De bijeenkomst van de Deutsche Christen was uitgelopen op een publieke catastrofe, omdat zij in hun 25-punten hadden staan dat de vrijheid van religie zou blijven gewaarborgd. Hitler probeerde iets aan de situatie te doen en hief het huisarrest van Wurm en Meiser op. Ook zette hij de Gleichschaltung tijdelijk stil en creëerde een nieuw ministerie van Kerkzaken. Dit kwam onder het beheer van Hanns Kerrl, een advocaat en vriend van Hitler. Kerrl had meer tact dan Müller. Hij stelde een verzoeningscommissie aan onder leiding van de onpartijdige Wilhelm Zoellner. De Bekennende Kirche werkte in het algemeen mee met de commissie, maar bleef bij het standpunt dat zij, en niet de Deutsche Reichskirche, de ware Deutsche Evangelische Kirche was.

Confrontatie bewerken

In 1936 richtte de Bekennende Kirche zich met een manifest tot Hitler. In het manifest werd geprotesteerd tegen anti-christelijke uitlatingen, tegen het antisemitisme en tegen de bemoeienis door het regime met kerkelijk interne zaken. De nazi's reageerden door honderden predikanten te arresteren, kerkelijke fondsen in beslag te nemen en een verbod op collectes in te stellen. Zij martelden Friedrich Weißler dood. Weißler was een protestantse advocaat met een joodse achtergrond en had geadviseerd bij het opstellen van het document. Hij was het eerste dodelijke slachtoffer als gevolg van het conflict tussen de Bekennende Kirche en de nazi's.

Zoellner trad op 12 september 1937 terug als hoofd van de kerkelijke verzoeningscommissie omdat de Gestapo hem de toestemming had geweigerd enkele gevangenen te bezoeken. Martin Niemöller werd uiteindelijk in 1937 gearresteerd nadat hij in een preek Hitler te fel had bekritiseerd. Hij verbleef zeven jaar in concentratiekampen, maar overleefde de oorlog. Anderen, waaronder Dietrich Bonhoeffer, overleefden niet. Veel kerkleiders werden opgesloten en daarom bleven veel van de leden van de Bekennende Kirche achter zonder echt leiderschap. Een klein aantal leden waagden hun leven door Joden onderdak te bieden en/of te helpen vluchten. Het grootste deel van de kerkleden was echter bang voor het regime en bood daardoor weinig verzet. Een van diegenen die zich wel uitsprak was Hans Ehrenberg, een predikant die zelf van Joodse afkomst was.
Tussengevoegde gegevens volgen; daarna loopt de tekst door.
Lemma reflmxK w : reflmx w *m reflmx w = 1%:M.
Proof.
set c := (w *m w^T) 0 0; set k := 2 / c.
have kkc : k ^+ 2 * c = 2 * k.
  have [c0 | c_neq0] := eqVneq c 0; first by rewrite /k c0 invr0 !(mulr0, mul0r).
  by rewrite /k; field.
have wwT : w *m w^T = c%:M by rewrite [LHS]mx11_scalar.
rewrite /reflmx -/c -/k mulmxBl !mulmxBr !mulmx1 mul1mx -!scalemxAl -!scalemxAr.
rewrite mulmxA -(mulmxA _ w) wwT mul_mx_scalar -scalemxAl !scalerA.
have -> : k * (k * c) = k + k by rewrite mulrA -expr2 kkc mulr_natl mulr2n.
by apply/matrixP => i j; rewrite !mxE; ring.
Qed.

Lemma reflmx_swap u e : u *m u^T = e *m e^T -> e *m reflmx (u - e) = u.
Proof.
move=> uu_ee; have [<- | neq_ue] := eqVneq u e.
  by rewrite subrr /reflmx trmx0 !mul0mx scaler0 subr0 mulmx1.
set w := u - e; set c := (w *m w^T) 0 0.
have c_neq0 : c != 0 by rewrite dot_row_eq0 subr_eq0.
have ewT : e *m w^T = (- c / 2)%:M.
  rewrite [LHS]mx11_scalar; congr _%:M.
  rewrite /c /w !linearB /= !mulmxBl uu_ee (mul_row_trC u e).
  by move: (e *m u^T) (e *m e^T) => a b; rewrite !mxE; field.
rewrite /reflmx -/c mulmxBr mulmx1 -scalemxAr mulmxA ewT mul_scalar_mx scalerA.
have -> : 2 / c * (- c / 2) = -1 by field.
by rewrite scaleN1r opprK /w addrC subrK.
Qed.

End Reflection.

Section BlockDiag.
Variables (R : pzRingType) (n : nat).

Lemma mul_block_diag (a b : R) (P Q : 'M[R]_n) :
  block_mx a%:M 0 0 P *m block_mx b%:M 0 0 Q =
  block_mx (a * b)%:M 0 0 (P *m Q) :> 'M_(1 + n).
Proof. by rewrite mulmx_block !mulmx0 !mul0mx !addr0 !add0r scalar_mxM. Qed.

Lemma tr_block_diag (a : R) (P : 'M[R]_n) :
  (block_mx a%:M 0 0 P)^T = block_mx a%:M 0 0 P^T :> 'M_(1 + n).
Proof. by rewrite tr_block_mx tr_scalar_mx !trmx0. Qed.

Lemma conj_block_diag (a : R) (P Q : 'M[R]_n) :
  (block_mx 1%:M 0 0 Q)^T *m block_mx a%:M 0 0 P *m block_mx 1%:M 0 0 Q =
  block_mx a%:M 0 0 (Q^T *m P *m Q) :> 'M_(1 + n).
Proof. by rewrite tr_block_diag !mul_block_diag mul1r mulr1. Qed.

Lemma is_diag_block_diag (a : R) (P : 'M[R]_n) :
  is_diag_mx (block_mx a%:M 0 0 P :> 'M_(1 + n)) = is_diag_mx P.
Proof. by rewrite is_diag_block_mx // !eqxx scalar_mx_is_diag. Qed.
De Bekennende Kirche is daarom ook later met enige regelmaat bekritiseerd omdat zij te weinig verzet zou hebben geboden en te weinig voor de Joden zou hebben gedaan.

Laatste jaren bewerken

De Bekennende Kirche werd nu door het nazi-bewind vervolgd, maar bleef gedurende de oorlogsjaren bestaan, zij het zonder belangrijke leiders. In 1945, nadat de geallieerde overwinnaars de Bekennende Kirche hadden erkend als verzetsorganisatie, zetten leiders ervan zich in voor de totstandkoming van de Stuttgarter Schuldbekenntnis en droegen vertegenwoordigers bij aan de grondslag van de nieuwe Evangelische Kerk in Duitsland.